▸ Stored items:

>>>>>

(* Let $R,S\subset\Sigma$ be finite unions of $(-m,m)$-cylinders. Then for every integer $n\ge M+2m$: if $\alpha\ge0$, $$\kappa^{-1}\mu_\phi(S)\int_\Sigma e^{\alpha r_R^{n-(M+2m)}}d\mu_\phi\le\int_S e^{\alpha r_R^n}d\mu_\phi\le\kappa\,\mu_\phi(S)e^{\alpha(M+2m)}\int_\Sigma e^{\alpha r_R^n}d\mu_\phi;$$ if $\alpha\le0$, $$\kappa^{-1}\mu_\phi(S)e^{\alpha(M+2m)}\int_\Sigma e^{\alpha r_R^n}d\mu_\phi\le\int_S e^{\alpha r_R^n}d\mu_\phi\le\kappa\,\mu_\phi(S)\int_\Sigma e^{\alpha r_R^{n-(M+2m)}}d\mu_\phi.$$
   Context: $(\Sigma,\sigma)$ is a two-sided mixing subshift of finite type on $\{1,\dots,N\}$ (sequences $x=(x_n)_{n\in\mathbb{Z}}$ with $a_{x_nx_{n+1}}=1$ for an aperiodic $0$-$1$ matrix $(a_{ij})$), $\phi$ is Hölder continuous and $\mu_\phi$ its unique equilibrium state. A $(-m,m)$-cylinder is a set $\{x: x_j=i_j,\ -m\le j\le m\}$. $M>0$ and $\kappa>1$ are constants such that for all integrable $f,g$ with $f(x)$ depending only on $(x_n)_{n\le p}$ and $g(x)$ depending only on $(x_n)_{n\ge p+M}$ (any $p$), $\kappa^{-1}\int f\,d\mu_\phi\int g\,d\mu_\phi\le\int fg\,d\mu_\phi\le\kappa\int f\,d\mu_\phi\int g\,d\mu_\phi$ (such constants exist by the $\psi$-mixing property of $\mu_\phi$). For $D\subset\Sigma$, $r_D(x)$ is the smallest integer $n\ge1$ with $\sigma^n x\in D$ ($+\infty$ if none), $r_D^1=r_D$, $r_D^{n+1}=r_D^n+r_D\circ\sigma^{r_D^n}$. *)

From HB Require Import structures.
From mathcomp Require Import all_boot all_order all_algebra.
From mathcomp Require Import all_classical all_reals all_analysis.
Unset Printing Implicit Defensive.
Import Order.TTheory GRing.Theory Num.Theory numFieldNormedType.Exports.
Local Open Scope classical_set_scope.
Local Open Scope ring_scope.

<<<<<
>>>>>

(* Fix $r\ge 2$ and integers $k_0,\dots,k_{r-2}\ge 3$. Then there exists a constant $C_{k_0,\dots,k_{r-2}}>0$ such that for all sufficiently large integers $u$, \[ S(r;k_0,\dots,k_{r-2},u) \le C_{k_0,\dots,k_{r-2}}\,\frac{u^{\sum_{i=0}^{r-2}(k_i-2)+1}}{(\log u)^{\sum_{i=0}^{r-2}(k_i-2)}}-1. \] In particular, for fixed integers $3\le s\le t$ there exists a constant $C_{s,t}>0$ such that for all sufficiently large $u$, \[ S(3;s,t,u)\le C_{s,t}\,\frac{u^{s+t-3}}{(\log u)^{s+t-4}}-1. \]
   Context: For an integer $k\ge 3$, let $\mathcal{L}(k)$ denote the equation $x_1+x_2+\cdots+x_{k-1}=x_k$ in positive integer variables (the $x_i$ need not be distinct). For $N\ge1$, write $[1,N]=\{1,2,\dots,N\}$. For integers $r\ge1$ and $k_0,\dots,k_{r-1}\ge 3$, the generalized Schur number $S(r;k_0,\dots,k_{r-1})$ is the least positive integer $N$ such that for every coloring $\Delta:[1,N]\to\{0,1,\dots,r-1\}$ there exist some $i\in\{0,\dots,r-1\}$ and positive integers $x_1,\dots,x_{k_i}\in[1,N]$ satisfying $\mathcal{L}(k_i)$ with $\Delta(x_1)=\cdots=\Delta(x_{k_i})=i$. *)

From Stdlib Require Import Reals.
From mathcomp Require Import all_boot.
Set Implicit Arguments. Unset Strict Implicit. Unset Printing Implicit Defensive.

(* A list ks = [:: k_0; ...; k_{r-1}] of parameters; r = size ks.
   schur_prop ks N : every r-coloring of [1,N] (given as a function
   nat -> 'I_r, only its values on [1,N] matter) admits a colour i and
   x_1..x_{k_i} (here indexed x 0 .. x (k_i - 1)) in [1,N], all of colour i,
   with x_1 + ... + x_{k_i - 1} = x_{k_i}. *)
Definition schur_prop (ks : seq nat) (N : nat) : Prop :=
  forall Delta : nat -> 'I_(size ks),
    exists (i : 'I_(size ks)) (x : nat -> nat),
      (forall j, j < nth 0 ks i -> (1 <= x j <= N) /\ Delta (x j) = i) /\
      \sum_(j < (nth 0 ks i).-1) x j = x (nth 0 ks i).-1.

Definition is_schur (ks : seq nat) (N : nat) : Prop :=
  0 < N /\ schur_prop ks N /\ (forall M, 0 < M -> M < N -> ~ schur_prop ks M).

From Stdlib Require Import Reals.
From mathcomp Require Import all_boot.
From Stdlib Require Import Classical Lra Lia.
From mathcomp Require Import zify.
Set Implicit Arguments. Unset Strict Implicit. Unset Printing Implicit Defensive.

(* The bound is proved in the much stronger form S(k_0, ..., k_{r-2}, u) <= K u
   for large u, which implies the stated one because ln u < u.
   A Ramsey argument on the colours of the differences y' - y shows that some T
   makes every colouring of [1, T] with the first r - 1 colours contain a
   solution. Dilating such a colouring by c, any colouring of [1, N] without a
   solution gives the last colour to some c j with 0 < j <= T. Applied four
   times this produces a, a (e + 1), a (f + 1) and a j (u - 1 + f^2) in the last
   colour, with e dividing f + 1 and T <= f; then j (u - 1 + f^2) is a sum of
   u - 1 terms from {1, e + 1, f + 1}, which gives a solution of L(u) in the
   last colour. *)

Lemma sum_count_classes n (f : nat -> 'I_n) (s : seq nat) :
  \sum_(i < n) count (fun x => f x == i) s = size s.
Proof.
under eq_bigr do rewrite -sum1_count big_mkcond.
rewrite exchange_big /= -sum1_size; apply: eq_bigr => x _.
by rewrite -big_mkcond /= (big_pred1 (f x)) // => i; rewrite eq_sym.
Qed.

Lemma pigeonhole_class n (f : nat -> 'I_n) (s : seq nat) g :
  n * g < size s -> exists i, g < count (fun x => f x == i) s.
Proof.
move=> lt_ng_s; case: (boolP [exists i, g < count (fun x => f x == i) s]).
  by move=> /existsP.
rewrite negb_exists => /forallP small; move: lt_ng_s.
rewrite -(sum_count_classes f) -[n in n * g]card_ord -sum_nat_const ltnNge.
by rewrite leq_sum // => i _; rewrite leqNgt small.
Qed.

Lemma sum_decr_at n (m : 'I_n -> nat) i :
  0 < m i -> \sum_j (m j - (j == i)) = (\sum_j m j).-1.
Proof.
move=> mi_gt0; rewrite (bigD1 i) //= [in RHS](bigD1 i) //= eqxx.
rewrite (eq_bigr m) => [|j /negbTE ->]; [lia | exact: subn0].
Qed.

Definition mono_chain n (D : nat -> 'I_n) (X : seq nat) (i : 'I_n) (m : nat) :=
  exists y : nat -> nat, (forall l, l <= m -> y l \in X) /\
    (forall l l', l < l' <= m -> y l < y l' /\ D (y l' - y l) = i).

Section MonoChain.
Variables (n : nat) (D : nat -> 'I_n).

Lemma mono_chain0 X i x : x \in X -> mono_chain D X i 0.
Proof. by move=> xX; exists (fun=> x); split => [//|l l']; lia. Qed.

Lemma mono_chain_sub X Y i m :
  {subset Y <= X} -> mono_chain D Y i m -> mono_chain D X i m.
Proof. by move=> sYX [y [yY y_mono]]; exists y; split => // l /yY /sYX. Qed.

<<<<<

Copy each line of the entries in which the string "Open" is found.

▸ Solution:
Local Open Scope classical_set_scope.
Local Open Scope ring_scope.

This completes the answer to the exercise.